Now if you formally take the Fourier transform of $X(\omega)$ you get

$$\mathcal{F}\{X(\omega)\}=\mathcal{F}^2\{x(t)\}=\int_{-\infty}^{\infty}X(\omega)e^{-i\omega t}d\omega\tag{3}$$

Comparing (3) with (2) we have

$$\mathcal{F}^2\{x(t)\}=2\pi x(-t)\tag{4}$$

So the Fourier transform equals an inverse Fourier transform with a sign change of the independent variable (apart from a scale factor due to the use of the non-unitary Fourier transform).

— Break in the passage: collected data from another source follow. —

(* Let $S^*\subset(0,\infty)$ be an open set that is additive (i.e. $a,b\in S^*\Rightarrow a+b\in S^*$), let $S=[0,\infty)\setminus S^*$, and let $L=\sup S$ (finite, since $S$ is bounded). For $x\in[0,L]$ let $a(x)=\sup\{y\in\partial S: y\le x\}$, $b(x)=\inf\{y\in\partial S: y\ge x\}$, $\alpha(x)=x-a(x)$, $\beta(x)=b(x)-x$, and define $h_S:[0,L]\to\mathbb{R}$ by $$h_S(x)=\begin{cases}0 & x\in\partial S,\\ \min(\alpha(x),\beta(x)) & x\in\operatorname{Int}S,\\ -\min(\alpha(x),\beta(x)) & x\in S^*.\end{cases}$$ (Equivalently, $h_S(x)=d(x,\partial S)$ on $\operatorname{Int}S$, $-d(x,\partial S)$ on $S^*$, and $0$ on $\partial S$.) Then: (a) for each $s\in S$, the graph of $h_S$ has a horizontal chord of length $s$, i.e. there exists $x\in[0,L-s]$ with $h_S(x)=h_S(x+s)$; (b) if $x,x+s\in[0,L]$ with $s\ge 0$ and $h_S(x)=h_S(x+s)$, then $s\in S$.
   Context: $\partial S$ and $\operatorname{Int}S$ denote the boundary and interior of $S$ in $\mathbb{R}$; $d(x,\partial S)$ is the distance from $x$ to $\partial S$. $h_S$ is continuous. *)

From HB Require Import structures.
From mathcomp Require Import all_boot all_order all_algebra.
From mathcomp Require Import all_classical all_reals all_analysis.
Set Implicit Arguments. Unset Strict Implicit. Unset Printing Implicit Defensive.
Import Order.TTheory GRing.Theory Num.Theory.
Import numFieldNormedType.Exports.
Local Open Scope classical_set_scope.
Local Open Scope ring_scope.

Section Defs.
Variable R : realType.

Definition Sset (Sstar : set R) : set R := [set x | 0 <= x /\ ~ Sstar x].

Definition bdry (A : set R) : set R := closure A `\` interior A.

Definition a_S (Sstar : set R) (x : R) : R :=
  sup [set y | bdry (Sset Sstar) y /\ y <= x].
Definition b_S (Sstar : set R) (x : R) : R :=
  inf [set y | bdry (Sset Sstar) y /\ x <= y].

Definition h_S (Sstar : set R) (x : R) : R :=
  if pselect (bdry (Sset Sstar) x) then 0
  else if pselect (interior (Sset Sstar) x) then
    Num.min (x - a_S Sstar x) (b_S Sstar x - x)
  else - Num.min (x - a_S Sstar x) (b_S Sstar x - x).
End Defs.

(* h_S is the signed distance to the boundary of S on [0, L], hence 1-Lipschitz.
   Openness and additivity of S* give the key fact bdry S + S* <= S*, and make S
   bounded, since every large real is a multiple of a point close to a point
   of S*.
   (a) If s lies in the boundary take x = 0. Otherwise let (a, b) be the gap of
   boundary points around s: it lies in S, so u = b - s is in S, as otherwise
   a + u would be in bdry S + S*; and h(x + s) - h(x) goes from h(s) >= 0 at x = 0 to
   -h(u) <= 0 at x = u, so it vanishes in between.
   (b) If s is in S* and h(x) = h(x + s), then x and x + s are on the same side,
   at a common distance r from the boundary. In S*, the r-ball around x plus a
   small ball around s is a ball of radius > r around x + s inside S*, which
   meets the boundary. In S, a boundary point at distance r from x, shifted by
   points near s, gives points of S* strictly closer than r to x + s. *)

From HB Require Import structures.
From mathcomp Require Import all_boot all_order all_algebra.
From mathcomp Require Import all_classical all_reals all_analysis.
From mathcomp Require Import lra ring.
Set Implicit Arguments. Unset Strict Implicit. Unset Printing Implicit Defensive.
Import Order.TTheory GRing.Theory Num.Theory.
Import numFieldNormedType.Exports.
Local Open Scope classical_set_scope.
Local Open Scope ring_scope.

Since the Fourier transform of $x(-t)$ equals $X(-\omega)$, the Fourier transform of (4) is

$$\mathcal{F}^3\{x(t)\}=2\pi X(-\omega)\tag{5}$$

And, by an argument similar to the one used in (3) and (4), the Fourier transform of $X(-\omega)$ equals $2\pi x(t)$. So we obtain for the Fourier transform of (5)

$$\mathcal{F}^4\{x(t)\}=2\pi\mathcal{F}\{X(-\omega)\}=(2\pi)^2x(t)\tag{6}$$

which is the desired result. Note that the factor $(2\pi)^2$ in (6) is a consequence of using the non-unitary Fourier transform. If you use the unitary Fourier transform (where both the transform and its inverse get a factor $1/\sqrt{2\pi}$) this factor would disappear.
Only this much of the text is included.